Странная девушка. Не мчится после работы по гастрономам, не тащит нагруженные чем-то сумки.
Возможно, она была новой детсадовской медсестрой. Или кто там у них может быть еще?
После прогулки в парке девушка уходила к остановке троллейбуса. Ее никто и никогда не подвозил к детскому саду. И не встречал.
Она была одинока, непонятна и меланхолична. Как тихий осенний день. Он почти слышал, как одобрительно шуршат листья под ее ногами.
Наблюдая за ней из окна, Тимофей усмехнулся своим мыслям.
Частенько его самого удивляли глупые, нелепые фантазии, которые рождала тайная работа души и отвлеченного ума, не занятого решением практических вопросов. Да и кто мог быть избавлен от этих фантазий, подпитывавшихся, словно родник глубокими водами, крупицами юношеской романтики, каплями сентиментальности, невысказанными надеждами, давно позабытыми среди страниц жизни, как забывается мимоходом сорванная полевая былинка в любимой книге, читавшейся на солнечном лугу среди стрекотания кузнечиков. Найдешь такую сухую былинку – и ведь не вспомнишь, когда сорвал ее, что с тобой было в тот день, а тепло отчего-то станет: мол, смотри-ка, сохранилась! Кто не испытывал невыразимо притягательной жажды наделять вещи и людей загадочными свойствами? Кто мог отмахнуться от этих сокровенных, подчас никому и никогда не высказанных ощущений? Кто мог злиться на их настойчивое появление всякий раз, когда душа отчего-то ноет? Какая же ненависть человека к самому себе должна быть, чтобы он мог цинично посмеяться над собой и своим тайным миром, обязательно складывающимся из отдельных кирпичиков с самого раннего детства?

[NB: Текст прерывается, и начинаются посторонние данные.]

Lemma connect_into_subtree u v b w : ET u v -> ~~ connect ET v b ->
  connect ET b w -> connect ET v w -> connect ET b u.
Proof.
move=> uv vb /connectP[s bs ->] {w}.
elim: s b vb bs => [|c s IHs] b vb /=; first by move=> _ vb'; rewrite vb' in vb.
case/andP=> bc cs vs; have [vc|vc] := boolP (connect ET v c).
  have [cv|cv] := eqVneq c v; first by rewrite -(parent_uniq uv (_ : ET b v)) // -cv.
  by rewrite (connect_parent vc cv bc) in vb.
exact: connect_trans (connect1 bc) (IHs c vc cs vs).
Qed.

End OutTree.

Definition subtree_part (V VT : finType) (ET : rel VT) (W : VT -> {set V}) v :=
  \bigcup_(r | connect ET v r) W r.

Lemma sep_sub_bag (V VT : finType) (ET : rel VT) (X : VT -> VT -> {set V}) W r c d :
  ET c d -> (c == r) || (d == r) -> X c d \subset bag ET X W r.
Proof.
move=> cd /orP[/eqP <-|/eqP <-]; apply/subsetP => v vX; rewrite /bag !inE.
  by apply/orP; right; apply/bigcupP; exists d.
by apply/orP; left; apply/orP; right; apply/bigcupP; exists c.
Qed.

Lemma card_bag_le_width (V VT : finType) (ET : rel VT) (X : VT -> VT -> {set V}) W r :
  #|bag ET X W r| <= (dtd_width ET X W).+1.
Proof.
by apply: leq_trans (@leq_bigmax _ (fun r => #|bag ET X W r|) r) _; rewrite -add1n -leq_subLR.
Qed.

Lemma dtd_width_le_bag_sub (V VT VT' : finType) (ET : rel VT) (ET' : rel VT')
    (X : VT -> VT -> {set V}) (X' : VT' -> VT' -> {set V}) W W' (g : VT' -> VT) :
  (forall x, bag ET' X' W' x \subset bag ET X W (g x)) ->
  dtd_width ET' X' W' <= dtd_width ET X W.
Proof.
move=> bag_sub; rewrite /dtd_width leq_sub2r //; apply/bigmax_leqP => x _.
exact: leq_trans (subset_leq_card (bag_sub x)) (leq_bigmax _).
Qed.

Definition has_smaller_decomp (V : finType) (E : rel V) (VT : finType) (ET : rel VT)
    (X : VT -> VT -> {set V}) (W : VT -> {set V}) : Prop :=
  exists (VT' : finType) (ET' : rel VT') (X' : VT' -> VT' -> {set V})
         (W' : VT' -> {set V}),
    [/\ #|VT'| < #|VT|, is_dir_tree_decomp E ET' X' W' &
        dtd_width ET' X' W' <= dtd_width ET X W].

Section Restrict.
Variables (V : finType) (E : rel V) (VT : finType) (ET : rel VT).
Variables (X : VT -> VT -> {set V}) (W : VT -> {set V}).
Hypothesis decomp : is_dir_tree_decomp E ET X W.
Variables (K : pred VT) (m rt : VT).
Hypotheses (Km : K m) (Krt : K rt).
Hypothesis rt_root : forall y, K y -> connect ET rt y.
Hypothesis K_convex : forall x s, K x -> path ET x s -> K (last x s) -> all K s.
Hypothesis W_outside : forall w, ~~ K w -> W w \subset bag ET X W m.
(* Merging a node w outside K into m must not change the subtree below an arc of K. *)
Hypothesis outside_below :
  forall a b w, ET a b -> K a -> K b -> ~~ K w -> connect ET b m = connect ET b w.

Definition restrict_node : finType := {x : VT | K x}.
Definition restrict_arc : rel restrict_node := fun x y => ET (val x) (val y).
Definition restrict_sep (x y : restrict_node) := X (val x) (val y).
Definition contract_to w := if K w then w else m.
Definition contract_part (x : restrict_node) :=
  \bigcup_(w | contract_to w == val x) W w.

Lemma contract_toK w : K (contract_to w).
Proof. by rewrite /contract_to; case: ifP. Qed.

Lemma connect_restrict x y : connect restrict_arc x y = connect ET (val x) (val y).
Proof.
apply/idP/idP.
  case/connectP => s xs ->; apply/connectP; exists (map val s).
    by rewrite path_map.
  by rewrite last_map.
case/connectP => s xs ly; have := K_convex (valP x) xs; rewrite -ly => /(_ (valP y)).
elim: s x xs ly => [|c s IHs] x /=; first by move=> _ /val_inj ->.
case/andP=> xc cs ly /andP[Kc Ks].
exact: connect_trans (connect1 (xc : restrict_arc x (Sub c Kc))) (IHs (Sub c Kc) cs ly Ks).
Qed.

Lemma restrict_out_tree : out_tree restrict_arc.
Proof.
case: decomp => [[[irr anti _ _ acyclic] _] _ _ _ _].
have rt_root' y : connect restrict_arc (Sub rt Krt) y.
  by rewrite connect_restrict SubK rt_root ?(valP y).
split; last by exists (Sub rt Krt).
split.
- by move=> x; apply: irr.
- by move=> x y; apply: anti.
- by apply/card_gt0P; exists (Sub rt Krt).
- have und_root y : connect (und_adj restrict_arc) (Sub rt Krt) y.
    by apply: connect_sub (rt_root' y) => a b ab; rewrite connect1 // /und_adj ab.
  move=> x y; apply: connect_trans (und_root y).
  by rewrite (sym_connect_sym (@und_adj_sym _ _)).
- case=> x [p [up sp xp px]]; apply: acyclic; exists (val x), (map val p).
  by rewrite -map_cons (map_inj_uniq val_inj) size_map path_map last_map.
Qed.

Lemma restrict_bag_sub x :
  bag restrict_arc restrict_sep contract_part x \subset bag ET X W (val x).
Proof.
apply/subsetP => v /setUP[/setUP[|]|].
- case/bigcupP=> w /eqP <- vw; rewrite /contract_to; case: ifP => Kw.
    by rewrite /bag !inE vw.
  exact: (subsetP (W_outside (negbT Kw))).
- case/bigcupP=> y yx vy; apply: (subsetP (sep_sub_bag X W yx _)) vy.
  by rewrite eqxx orbT.
- case/bigcupP=> y xy vy; apply: (subsetP (sep_sub_bag X W xy _)) vy.
  by rewrite eqxx.
Qed.

Lemma restrict_subtree_part x y : restrict_arc x y ->
  subtree_part restrict_arc contract_part y = subtree_part ET W (val y).
Proof.
move=> xy; have below_contract w : connect ET (val y) (contract_to w) = connect ET (val y) w.
  rewrite /contract_to; case: ifPn => // Kw.
  exact: outside_below xy (valP x) (valP y) Kw.
apply/setP => v; apply/bigcupP/bigcupP.
- case=> z yz /bigcupP[w /eqP wz vw]; exists w => //.
  by rewrite -below_contract wz -connect_restrict.
- case=> w yw vw; exists (Sub (contract_to w) (contract_toK w)).
    by rewrite connect_restrict SubK below_contract.
  by apply/bigcupP; exists w; rewrite ?SubK.
Qed.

Иногда этот мир мы открываем другому человеку, иногда прячем его от всех, иногда просто не замечаем. Но он всегда с нами и заставляет видеть в причудливо изогнутом дереве знакомый силуэт, в куске мрамора – прекрасную статую, в тюбиках с краской – натюрморт или портрет, в морозном стекле – сказочные узоры, в шерстяных нитках – неповторимый орнамент, на снегу под солнцем – миллионы бриллиантов, а в осенней листве – все золото подлунного мира.
Вот и Тимофей увидел в бесцельно гулявшем человеке нечто такое, что поразило его, невольно завладело вниманием и уже не отпускало.

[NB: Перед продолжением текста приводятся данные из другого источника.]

Lemma rho_denomE :
  ((phi f B x 0)%:E + psi x 0 - (phi f B x s)%:E - psi x s)%E = model_decr%:E.
Proof.
rewrite psi_x0 -(fineK hx_fin) -(fineK psi_s_fin) /phi dotpv0 mulmx0 dotpv0.
by rewrite !mulr0 !addr0.
Qed.

Lemma h_step_fin : h (x + s) \is a fin_num.
Proof.
rewrite fin_numE h_neq_ninfty /=; apply/negP => /eqP h_step_oo.
move: successful; rewrite /rho rho_denomE h_step_oo -(fineK hx_fin) /=.
by rewrite -EFinD /= mulNyr gtr0_sg ?invr_gt0 ?model_decr_gt0 // mul1e leeNy_eq.
Qed.

Lemma rho_step_le :
  eta1 * model_decr <= (f x + fine (h x)) - (f (x + s) + fine (h (x + s))).
Proof.
move: successful; rewrite /rho rho_denomE -(fineK hx_fin) -(fineK h_step_fin) /=.
by rewrite -!EFinD -EFinM lee_fin ler_pdivlMr ?model_decr_gt0.
Qed.

Lemma successful_step_decrease :
  h (x + s) \is a fin_num /\
  alpha * eta1 * (1 - theta1) / (2 * theta2) * enorm s <=
    (f x + fine (h x)) - (f (x + s) + fine (h (x + s))).
Proof.
split; first exact: h_step_fin.
have two_theta2_gt0 : 0 < 2 * theta2 by rewrite mulr_gt0 // (lt_trans ltr01).
have alpha_s_le : alpha * enorm s / (2 * theta2) <= xi.
  rewrite ler_pdivrMr //.
  have := ler_wpM2l (ltW alpha_gt0) enorm_step_le.
  have := ler_wpM2l (ltW (lt_trans ltr01 theta2_gt1)) alpha_enorm_scp_le.
  lra.
apply: le_trans rho_step_le.
have := ler_wpM2l (ltW eta1_gt0) model_decr_ge.
have factor_ge0 : 0 <= eta1 * (1 - theta1) by rewrite mulr_ge0 ?subr_ge0 ?ltW.
have := ler_wpM2l factor_ge0 alpha_s_le.
lra.
Qed.

End R2NStep.

Section R2NRun.
Variables (R : realType) (n : nat).
Variables (f : 'cV[R]_n -> R) (h : 'cV[R]_n -> \bar R) (B : 'cV[R]_n -> 'M[R]_n)
  (psi : 'cV[R]_n -> 'cV[R]_n -> \bar R)
  (theta1 theta2 eta1 eta2 gamma1 gamma2 gamma3 alpha : R)
  (x : nat -> 'cV[R]_n) (sigma : nat -> R) (scp st s : nat -> 'cV[R]_n).
Hypotheses (h_proper : proper_fun h) (psi_MA1 : MA1 h psi)
  (run : R2N_run f h B psi theta1 theta2 eta1 eta2 gamma1 gamma2 gamma3 x sigma scp st s)
  (alpha_gt0 : 0 < alpha)
  (alpha_le : forall k : nat,
     let nuk := theta1 / (specnorm (B (x k)) + sigma k) in
     (alpha%:E <= (Num.sqrt nuk^-1)%:E * sqrte (xi_cp f h psi (x k) (scp k)))%E).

Он дал ей имя, потому что удивительное иногда нуждалось в определении.
Он назвал ее Осенняя Женщина. Потому что она была удивительна.
* * *
В жизни все подчас меняется незаметно, как бы само собой. События обволакивают нас неясным туманом причин и следствий, и мы скользим по ним: кто равнодушно, кто с интересом наблюдая, а кто и принимая в них деятельное участие. Резкие изменения в нашей жизни в большинстве не несут с собой приятных переживаний. Мы относимся к ним весьма настороженно. Особенно если дело касается ремонта квартиры, потери работы, перемены маршрутов городского транспорта, срочного вызова на службу, почтового конверта с незнакомым обратным адресом, телефонного звонка среди ночи, настойчивого стука в дверь, обледеневшей дорожки перед подъездом или слишком тяжелой сосульки на крыше вашего дома.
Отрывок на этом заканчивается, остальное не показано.